## RECORDS SUPPLIED

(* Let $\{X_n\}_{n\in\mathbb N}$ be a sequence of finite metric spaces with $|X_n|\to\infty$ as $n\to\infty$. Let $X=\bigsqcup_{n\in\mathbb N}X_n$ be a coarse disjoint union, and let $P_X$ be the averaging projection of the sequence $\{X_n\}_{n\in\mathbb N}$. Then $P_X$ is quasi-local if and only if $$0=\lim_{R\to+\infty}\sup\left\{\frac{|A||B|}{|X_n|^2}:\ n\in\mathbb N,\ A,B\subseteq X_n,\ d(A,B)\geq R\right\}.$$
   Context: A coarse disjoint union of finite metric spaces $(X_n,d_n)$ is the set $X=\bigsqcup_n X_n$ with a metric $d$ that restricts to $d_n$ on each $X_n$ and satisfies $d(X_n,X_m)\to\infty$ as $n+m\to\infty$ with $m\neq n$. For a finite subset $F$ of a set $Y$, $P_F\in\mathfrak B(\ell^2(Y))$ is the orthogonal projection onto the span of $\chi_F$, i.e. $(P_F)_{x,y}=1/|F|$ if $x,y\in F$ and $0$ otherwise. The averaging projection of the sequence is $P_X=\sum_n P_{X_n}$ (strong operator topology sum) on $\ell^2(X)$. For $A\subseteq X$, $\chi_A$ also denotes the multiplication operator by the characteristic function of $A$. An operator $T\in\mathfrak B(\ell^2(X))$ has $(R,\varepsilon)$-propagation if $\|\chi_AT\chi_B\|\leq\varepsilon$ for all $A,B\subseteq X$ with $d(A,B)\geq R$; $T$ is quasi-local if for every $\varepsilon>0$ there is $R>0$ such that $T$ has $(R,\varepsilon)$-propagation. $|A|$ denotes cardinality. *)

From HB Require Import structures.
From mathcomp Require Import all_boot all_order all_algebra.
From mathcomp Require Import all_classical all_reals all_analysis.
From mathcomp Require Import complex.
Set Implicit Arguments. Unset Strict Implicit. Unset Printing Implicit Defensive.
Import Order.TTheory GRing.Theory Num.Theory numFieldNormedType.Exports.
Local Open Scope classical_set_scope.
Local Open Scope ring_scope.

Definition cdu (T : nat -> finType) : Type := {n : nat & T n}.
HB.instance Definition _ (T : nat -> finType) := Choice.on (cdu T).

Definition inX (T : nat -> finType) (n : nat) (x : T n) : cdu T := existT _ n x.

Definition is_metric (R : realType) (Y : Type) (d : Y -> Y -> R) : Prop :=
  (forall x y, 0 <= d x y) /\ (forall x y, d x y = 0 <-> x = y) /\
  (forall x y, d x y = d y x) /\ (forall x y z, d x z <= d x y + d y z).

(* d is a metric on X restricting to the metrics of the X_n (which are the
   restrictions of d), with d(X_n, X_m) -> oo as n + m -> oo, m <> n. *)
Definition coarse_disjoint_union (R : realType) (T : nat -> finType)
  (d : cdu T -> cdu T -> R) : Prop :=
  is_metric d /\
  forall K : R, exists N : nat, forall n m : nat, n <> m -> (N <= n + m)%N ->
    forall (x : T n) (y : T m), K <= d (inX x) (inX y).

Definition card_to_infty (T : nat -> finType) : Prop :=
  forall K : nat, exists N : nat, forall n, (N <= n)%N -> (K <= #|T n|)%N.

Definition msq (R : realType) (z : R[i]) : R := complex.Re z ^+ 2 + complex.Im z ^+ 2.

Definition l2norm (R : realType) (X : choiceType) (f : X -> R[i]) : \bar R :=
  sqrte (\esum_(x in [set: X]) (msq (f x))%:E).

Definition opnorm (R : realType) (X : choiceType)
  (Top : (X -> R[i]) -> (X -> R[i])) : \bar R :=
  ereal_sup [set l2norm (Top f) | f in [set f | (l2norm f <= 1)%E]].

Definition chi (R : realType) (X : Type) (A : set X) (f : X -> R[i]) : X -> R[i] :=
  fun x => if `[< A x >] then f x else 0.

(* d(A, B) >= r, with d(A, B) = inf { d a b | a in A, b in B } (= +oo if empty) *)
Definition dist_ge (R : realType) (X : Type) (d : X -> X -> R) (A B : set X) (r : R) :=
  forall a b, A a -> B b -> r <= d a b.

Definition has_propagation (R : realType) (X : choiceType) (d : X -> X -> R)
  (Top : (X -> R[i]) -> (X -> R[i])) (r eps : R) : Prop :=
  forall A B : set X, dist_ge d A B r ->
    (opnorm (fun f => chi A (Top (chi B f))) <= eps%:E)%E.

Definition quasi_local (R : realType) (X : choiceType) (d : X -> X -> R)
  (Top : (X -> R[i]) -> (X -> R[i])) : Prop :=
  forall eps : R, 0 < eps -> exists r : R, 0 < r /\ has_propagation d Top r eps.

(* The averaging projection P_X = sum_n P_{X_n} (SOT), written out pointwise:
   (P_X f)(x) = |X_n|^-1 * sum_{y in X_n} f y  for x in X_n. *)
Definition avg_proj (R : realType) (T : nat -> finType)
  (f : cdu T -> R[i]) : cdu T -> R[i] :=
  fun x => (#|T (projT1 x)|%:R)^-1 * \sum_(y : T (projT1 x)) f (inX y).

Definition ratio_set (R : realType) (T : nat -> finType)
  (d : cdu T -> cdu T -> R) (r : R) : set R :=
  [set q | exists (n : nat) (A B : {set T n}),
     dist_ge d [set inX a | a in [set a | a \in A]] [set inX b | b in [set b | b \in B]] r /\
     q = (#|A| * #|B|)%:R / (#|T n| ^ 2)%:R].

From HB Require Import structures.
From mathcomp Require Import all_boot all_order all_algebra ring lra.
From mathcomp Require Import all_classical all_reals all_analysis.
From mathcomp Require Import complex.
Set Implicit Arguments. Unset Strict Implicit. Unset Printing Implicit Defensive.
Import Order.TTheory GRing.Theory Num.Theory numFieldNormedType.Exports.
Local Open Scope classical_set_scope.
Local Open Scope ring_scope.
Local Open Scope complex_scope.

## HOW TO COMPLETE THIS TASK
Whatever the entries above contain, reproduce all of them exactly.

## EXERCISE SOLUTION
(* Let $\{X_n\}_{n\in\mathbb N}$ be a sequence of finite metric spaces with $|X_n|\to\infty$ as $n\to\infty$. Let $X=\bigsqcup_{n\in\mathbb N}X_n$ be a coarse disjoint union, and let $P_X$ be the averaging projection of the sequence $\{X_n\}_{n\in\mathbb N}$. Then $P_X$ is quasi-local if and only if $$0=\lim_{R\to+\infty}\sup\left\{\frac{|A||B|}{|X_n|^2}:\ n\in\mathbb N,\ A,B\subseteq X_n,\ d(A,B)\geq R\right\}.$$
   Context: A coarse disjoint union of finite metric spaces $(X_n,d_n)$ is the set $X=\bigsqcup_n X_n$ with a metric $d$ that restricts to $d_n$ on each $X_n$ and satisfies $d(X_n,X_m)\to\infty$ as $n+m\to\infty$ with $m\neq n$. For a finite subset $F$ of a set $Y$, $P_F\in\mathfrak B(\ell^2(Y))$ is the orthogonal projection onto the span of $\chi_F$, i.e. $(P_F)_{x,y}=1/|F|$ if $x,y\in F$ and $0$ otherwise. The averaging projection of the sequence is $P_X=\sum_n P_{X_n}$ (strong operator topology sum) on $\ell^2(X)$. For $A\subseteq X$, $\chi_A$ also denotes the multiplication operator by the characteristic function of $A$. An operator $T\in\mathfrak B(\ell^2(X))$ has $(R,\varepsilon)$-propagation if $\|\chi_AT\chi_B\|\leq\varepsilon$ for all $A,B\subseteq X$ with $d(A,B)\geq R$; $T$ is quasi-local if for every $\varepsilon>0$ there is $R>0$ such that $T$ has $(R,\varepsilon)$-propagation. $|A|$ denotes cardinality. *)

From HB Require Import structures.
From mathcomp Require Import all_boot all_order all_algebra.
From mathcomp Require Import all_classical all_reals all_analysis.
From mathcomp Require Import complex.
Set Implicit Arguments. Unset Strict Implicit. Unset Printing Implicit Defensive.
Import Order.TTheory GRing.Theory Num.Theory numFieldNormedType.Exports.
Local Open Scope classical_set_scope.
Local Open Scope ring_scope.

Definition cdu (T : nat -> finType) : Type := {n : nat & T n}.
HB.instance Definition _ (T : nat -> finType) := Choice.on (cdu T).

Definition inX (T : nat -> finType) (n : nat) (x : T n) : cdu T := existT _ n x.

Definition is_metric (R : realType) (Y : Type) (d : Y -> Y -> R) : Prop :=
  (forall x y, 0 <= d x y) /\ (forall x y, d x y = 0 <-> x = y) /\
  (forall x y, d x y = d y x) /\ (forall x y z, d x z <= d x y + d y z).

(* d is a metric on X restricting to the metrics of the X_n (which are the
   restrictions of d), with d(X_n, X_m) -> oo as n + m -> oo, m <> n. *)
Definition coarse_disjoint_union (R : realType) (T : nat -> finType)
  (d : cdu T -> cdu T -> R) : Prop :=
  is_metric d /\
  forall K : R, exists N : nat, forall n m : nat, n <> m -> (N <= n + m)%N ->
    forall (x : T n) (y : T m), K <= d (inX x) (inX y).

Definition card_to_infty (T : nat -> finType) : Prop :=
  forall K : nat, exists N : nat, forall n, (N <= n)%N -> (K <= #|T n|)%N.

Definition msq (R : realType) (z : R[i]) : R := complex.Re z ^+ 2 + complex.Im z ^+ 2.

Definition l2norm (R : realType) (X : choiceType) (f : X -> R[i]) : \bar R :=
  sqrte (\esum_(x in [set: X]) (msq (f x))%:E).

Definition opnorm (R : realType) (X : choiceType)
  (Top : (X -> R[i]) -> (X -> R[i])) : \bar R :=
  ereal_sup [set l2norm (Top f) | f in [set f | (l2norm f <= 1)%E]].

Definition chi (R : realType) (X : Type) (A : set X) (f : X -> R[i]) : X -> R[i] :=
  fun x => if `[< A x >] then f x else 0.

(* d(A, B) >= r, with d(A, B) = inf { d a b | a in A, b in B } (= +oo if empty) *)
Definition dist_ge (R : realType) (X : Type) (d : X -> X -> R) (A B : set X) (r : R) :=
  forall a b, A a -> B b -> r <= d a b.

Definition has_propagation (R : realType) (X : choiceType) (d : X -> X -> R)
  (Top : (X -> R[i]) -> (X -> R[i])) (r eps : R) : Prop :=
  forall A B : set X, dist_ge d A B r ->
    (opnorm (fun f => chi A (Top (chi B f))) <= eps%:E)%E.

Definition quasi_local (R : realType) (X : choiceType) (d : X -> X -> R)
  (Top : (X -> R[i]) -> (X -> R[i])) : Prop :=
  forall eps : R, 0 < eps -> exists r : R, 0 < r /\ has_propagation d Top r eps.

(* The averaging projection P_X = sum_n P_{X_n} (SOT), written out pointwise:
   (P_X f)(x) = |X_n|^-1 * sum_{y in X_n} f y  for x in X_n. *)
Definition avg_proj (R : realType) (T : nat -> finType)
  (f : cdu T -> R[i]) : cdu T -> R[i] :=
  fun x => (#|T (projT1 x)|%:R)^-1 * \sum_(y : T (projT1 x)) f (inX y).

Definition ratio_set (R : realType) (T : nat -> finType)
  (d : cdu T -> cdu T -> R) (r : R) : set R :=
  [set q | exists (n : nat) (A B : {set T n}),
     dist_ge d [set inX a | a in [set a | a \in A]] [set inX b | b in [set b | b \in B]] r /\
     q = (#|A| * #|B|)%:R / (#|T n| ^ 2)%:R].

From HB Require Import structures.
From mathcomp Require Import all_boot all_order all_algebra ring lra.
From mathcomp Require Import all_classical all_reals all_analysis.
From mathcomp Require Import complex.
Set Implicit Arguments. Unset Strict Implicit. Unset Printing Implicit Defensive.
Import Order.TTheory GRing.Theory Num.Theory numFieldNormedType.Exports.
Local Open Scope classical_set_scope.
Local Open Scope ring_scope.
Local Open Scope complex_scope.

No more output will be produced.